• [Task requirements] Only lines containing "pose" are wanted from the data below. Copy those lines.

[Stored data]
(** * Extreme points of the relaxation *)

Lemma extreme_tail_endpoint w dl :
  extreme_point (Sset (l:=l) a tau II c (@rel01 R)) (hq_point w dl) ->
  forall k, dl k = tail (tag k) (brk k).+1 w \/ dl k = tail (tag k) (brk k) w.
Proof.
move=> [/Sset_hq_point[w_distr bounds _] ext] k0.
set lo := tail _ _.+1 w; set hi := tail _ _ w.
have le_dl : lo <= dl k0 <= hi := bounds k0; have /andP[lo_le le_hi] := le_dl.
have [->|lo_neq] := eqVneq (dl k0) lo; first by left.
have [->|hi_neq] := eqVneq (dl k0) hi; first by right.
exfalso; have lt_dl : lo < dl k0 < hi by rewrite !lt_def lo_neq lo_le (eq_sym hi) hi_neq le_hi.
pose dv v : {ffun didx l -> R^o} := [ffun k => if k == k0 then v else dl k].
have dv_bounds v : lo <= v <= hi -> tail_bounds w (dv v).
  by move=> v_itv k; rewrite ffunE; case: eqP => [->|_]; [exact: v_itv | exact: bounds].
set s := relpos lo hi (dl k0); have /andP[s_gt0 s_lt1] := relpos_itv_lt lt_dl.
have dl_split : dl = s *: dv hi + (1 - s) *: dv lo.
  apply/ffunP => k; rewrite !ffunE; case: eqP => [->|_]; last by rewrite convex_combxx.
  by rewrite -[LHS](relposK le_dl) /lerp addrC.
have hi_itv : lo <= hi <= hi by rewrite lexx andbT (le_trans lo_le le_hi).
have lo_itv : lo <= lo <= hi by rewrite lexx (le_trans lo_le le_hi).
have := ext _ _ s (Srel_hq_point w_distr (dv_bounds hi hi_itv))
  (Srel_hq_point w_distr (dv_bounds lo lo_itv)).
rewrite s_gt0 s_lt1 -hq_point_comb convex_combxx -dl_split.
move=> /(_ isT erefl) [] /ffunP/(_ k0); rewrite !ffunE eqxx => hi_lo.
by have /andP[lo_lt lt_hi] := lt_dl; move: (lt_trans lo_lt lt_hi); rewrite hi_lo ltxx.
Qed.

Lemma extreme_dirac w dl :
  extreme_point (Sset (l:=l) a tau II c (@rel01 R)) (hq_point w dl) ->
  exists p0, w = dirac R p0.
Proof.
move=> [/Sset_hq_point[w_distr bounds _] ext].
have [//|[p0 /andP[w0_gt0 w0_lt1]]] := distr_dirac_or_mixed w_distr; exfalso.
set w0 := w p0; have w0_neq1 : 1 - w0 != 0 by rewrite subr_eq0 eq_sym lt_eqF.
(* Split off the atom at p0; delta keeps its relative position in each tail interval, and
   the resulting map [fit] is linear in the weights. *)
pose s := [ffun k => relpos (tail (tag k) (brk k).+1 w) (tail (tag k) (brk k) w) (dl k)].
pose fit v : {ffun didx l -> R^o} :=
  [ffun k => lerp (tail (tag k) (brk k).+1 v) (tail (tag k) (brk k) v) (s k)].
have fit_comb r1 r2 v1 v2 : fit (r1 *: v1 + r2 *: v2) = r1 *: fit v1 + r2 *: fit v2.
  by apply/ffunP => k; rewrite !ffunE !tail_comb lerp_comb.
have fit_bounds (v : {ffun grid d n -> R^o}) : (forall p, 0 <= v p) -> tail_bounds v (fit v).
  move=> v_ge0 k; rewrite !ffunE; apply: lerp_itv; first exact: tail_antitone.
  exact: relpos_itv (bounds k).
have fit_w : fit w = dl by apply/ffunP => k; rewrite !ffunE relposK.
pose rest := (1 - w0)^-1 *: (w - w0 *: dirac R p0).
have w_split : w = w0 *: dirac R p0 + (1 - w0) *: rest.
  by rewrite /rest scalerA mulfV // scale1r addrC subrK.
have rest_distr : distr rest.
  split=> [p|].
    rewrite !ffunE !regular_scaleE mulr_ge0 ?invr_ge0 ?subr_ge0 ?(ltW w0_lt1) //.
    by case: eqP => [->|_]; rewrite ?mulr1 ?subrr ?mulr0 ?subr0 ?w_distr.1.
  rewrite -expect_const1 linearZ linearB linearZ /= expect_dirac !expect_const1 w_distr.2.
  by rewrite !regular_scaleE mulr1 mulVf.
have dirac_distr := distr_dirac R p0.
have := ext _ _ w0 (Srel_hq_point dirac_distr (fit_bounds _ dirac_distr.1))
  (Srel_hq_point rest_distr (fit_bounds _ rest_distr.1)).
rewrite w0_gt0 w0_lt1 -hq_point_comb -fit_comb -w_split fit_w.
move=> /(_ isT erefl) [] _ /ffunP/(_ p0) + _ _.
by rewrite !ffunE eqxx !regular_scaleE mulr1 subrr mulr0 => /eqP; rewrite oner_eq0.
Qed.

• [Solution for this problem]
pose dv v : {ffun didx l -> R^o} := [ffun k => if k == k0 then v else dl k].
pose s := [ffun k => relpos (tail (tag k) (brk k).+1 w) (tail (tag k) (brk k) w) (dl k)].
pose fit v : {ffun didx l -> R^o} :=
pose rest := (1 - w0)^-1 *: (w - w0 *: dirac R p0).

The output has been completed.